> _WORK ORDER_: Reproduce exactly the lines from the one containing "have count_ge0 j : 0 <= counts s j by []." through the last line of the records below, both included, and nothing else.

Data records
━━━━━━━━

Lemma expr_le_sum_powers s k : k \in s -> r ^+ k <= \sum_(j <- s) r ^+ j.
Proof. by move=> ks; rewrite (big_rem k ks) /= lerDl sum_powers_ge0. Qed.

Lemma sum_powers_eq0 s : \sum_(k <- s) r ^+ k = 0 -> s = [::].
Proof.
case: s => // k s /eqP; rewrite eq_le lt_geF //.
by apply: lt_le_trans (expr_le_sum_powers (mem_head k s)); rewrite exprn_gt0 // r_gt0.
Qed.

Lemma sum_powers_nseq n k : \sum_(j <- nseq n k) r ^+ j = n%:R * r ^+ k.
Proof. by rewrite big_nseq iter_addr addr0 mulr_natl. Qed.

Lemma sum_powers_shift m s : all (fun k => m <= k)%N s ->
  \sum_(k <- s) r ^+ k = r ^+ m * \sum_(k <- map (subn^~ m) s) r ^+ k.
Proof.
move=> sm; rewrite big_map mulr_sumr; apply: eq_big_seq => k ks.
by rewrite -exprD subnKC // (allP sm).
Qed.

(* The zeros of s contribute count_mem 0 s, and the rest is a multiple of a^m,
   so either s consists of zeros or it has none and s - m factorizes b^m. *)
Lemma factorizations_of_expn m s : (0 < m)%N ->
  all (fun k => (k == 0) || (m <= k))%N s -> \sum_(k <- s) r ^+ k = (a ^ m)%:R ->
  size s = (a ^ m)%N \/ exists2 T : int, 0 <= T & (size s)%:Z = (b ^ m)%:Z + (b%:Z - a%:Z) * T.
Proof.
move=> m_gt0 s0m val_s; set t := [seq k <- s | k != 0%N].
have size_s : size s = (count_mem 0%N s + size t)%N.
  by rewrite size_filter -(count_predC (pred1 0%N)).
have val_split : \sum_(k <- s) r ^+ k = (count_mem 0%N s)%:R + \sum_(k <- t) r ^+ k.
  rewrite (bigID (fun k => k == 0%N)) big_filter /= -sum1_count natr_sum.
  by congr (_ + _); apply: eq_bigr => k /eqP ->.
have c0_le : (count_mem 0%N s <= a ^ m)%N.
  by rewrite -(ler_nat rat) -val_s val_split lerDl sum_powers_ge0.
have val_t : \sum_(k <- t) r ^+ k = (a ^ m - count_mem 0%N s)%:R.
  by rewrite natrB // -val_s val_split addrC addKr.
have tm : all (fun k => m <= k)%N t.
  by apply/allP => k; rewrite mem_filter => /andP[k0 /(allP s0m)]; rewrite (negPf k0).
have /(dvdn_nat_factorization tm) := val_t.
have [c0_am _ | c0_lt /dvdn_leq] := eqVneq (count_mem 0%N s) (a ^ m)%N.
  by left; move: val_t; rewrite c0_am subnn => /sum_powers_eq0 t0; rewrite size_s t0 addn0.
rewrite subn_gt0 ltn_neqAle c0_lt c0_le => /(_ isT) am_le; right.
have c0_0 : count_mem 0%N s = 0%N by lia.
rewrite c0_0 subn0 (sum_powers_shift tm) in val_t.
have val_t' : \sum_(k <- map (subn^~ m) t) r ^+ k = (b ^ m)%:R.
  apply: (mulfI (_ : r ^+ m != 0)); first by rewrite expf_neq0 // lt0r_neq0 // r_gt0.
  by rewrite val_t !natrX r_ab expr_div_n; field; rewrite expf_neq0 // pnatr_eq0 -lt0n.
have [T T_ge0 size_t] := size_factorization_nat val_t'.
by exists T; rewrite // size_s c0_0 -size_t size_map.
Qed.

Section Factorizations.

Hypotheses (a_gt1 : (1 < a)%N) (b_gt1 : (1 < b)%N).

Lemma a_neq_b : a != b.
Proof. by apply: contraTneq coprime_ab => <-; rewrite /coprime gcdnn; lia. Qed.

(* Otherwise the carries give b W_k - a W_(k+1) = -1 with W_k <= 0 <= W_(k+1),
   impossible for a, b >= 2. *)
Lemma sum_powers_neq_expr s k : k \notin s -> \sum_(j <- s) r ^+ j != r ^+ k.
Proof.
move=> ks; apply/eqP => val_s.
have [D] := seq_bounded (k :: s); rewrite /= => /andP[kD sD].
have val_k : cvalue D (fun j => 1 *+ (j == k)) = r ^+ k by rewrite cvalue_delta kD mul1r.
move: val_s; rewrite -(cvalue_counts sD) -val_k => /esym/carry_seq_of_cvalue[W carryW].
have count_ge0 j : 0 <= counts s j by [].
have Wk : W k <= 0.
  by apply: (carry_seq_le0 carryW (ltnW kD)) => // j jk; have := count_ge0 j; lia.
have Wk1 : 0 <= W k.+1.
  by apply: (carry_seq_ge0 (k := k.+1) carryW) => [j jk|]; [have := count_ge0 j; lia | lia].
have [_ _ /(_ k kD)] := carryW; rewrite eqxx /counts (count_memPn ks).
have [Wk0|Wk_lt0] : W k = 0 \/ W k <= -1 by lia.
  have [Wk1_0|Wk1_gt0] : W k.+1 = 0 \/ 1 <= W k.+1 by lia.
    by rewrite Wk0 Wk1_0; lia.
  by nia.
by nia.
Qed.

Variable N : nat -> Prop.
Local Notation S := (puiseux_semiring r N).

Lemma expr_is_atom k : N k -> is_atom S (r ^+ k).
Proof.
move=> Nk; split.
- by exists [:: k]; rewrite big_seq1; split=> // j; rewrite inE => /eqP ->.
- by rewrite expf_neq0 // lt0r_neq0 // r_gt0.
move=> _ _ [s1 [_ ->]] [s2 [_ ->]] val_k.
have := sum_powers_ge0 s1; rewrite le_eqVlt => /orP[/eqP <-|s1_gt0]; first by left.
have := sum_powers_ge0 s2; rewrite le_eqVlt => /orP[/eqP <-|s2_gt0]; first by right.
exfalso; have [|ks] := boolP (k \in s1 ++ s2).
  by rewrite mem_cat => /orP[] /expr_le_sum_powers; lra.
by move: (sum_powers_neq_expr ks); rewrite big_cat val_k eqxx.
Qed.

━━━━━━━━

> _ANSWER SECTION_:
have count_ge0 j : 0 <= counts s j by [].
have Wk : W k <= 0.
  by apply: (carry_seq_le0 carryW (ltnW kD)) => // j jk; have := count_ge0 j; lia.
have Wk1 : 0 <= W k.+1.
  by apply: (carry_seq_ge0 (k := k.+1) carryW) => [j jk|]; [have := count_ge0 j; lia | lia].
have [_ _ /(_ k kD)] := carryW; rewrite eqxx /counts (count_memPn ks).
have [Wk0|Wk_lt0] : W k = 0 \/ W k <= -1 by lia.
  have [Wk1_0|Wk1_gt0] : W k.+1 = 0 \/ 1 <= W k.+1 by lia.
    by rewrite Wk0 Wk1_0; lia.
  by nia.
by nia.
Qed.

Variable N : nat -> Prop.
Local Notation S := (puiseux_semiring r N).

Lemma expr_is_atom k : N k -> is_atom S (r ^+ k).
Proof.
move=> Nk; split.
- by exists [:: k]; rewrite big_seq1; split=> // j; rewrite inE => /eqP ->.
- by rewrite expf_neq0 // lt0r_neq0 // r_gt0.
move=> _ _ [s1 [_ ->]] [s2 [_ ->]] val_k.
have := sum_powers_ge0 s1; rewrite le_eqVlt => /orP[/eqP <-|s1_gt0]; first by left.
have := sum_powers_ge0 s2; rewrite le_eqVlt => /orP[/eqP <-|s2_gt0]; first by right.
exfalso; have [|ks] := boolP (k \in s1 ++ s2).
  by rewrite mem_cat => /orP[] /expr_le_sum_powers; lra.
by move: (sum_powers_neq_expr ks); rewrite big_cat val_k eqxx.
Qed.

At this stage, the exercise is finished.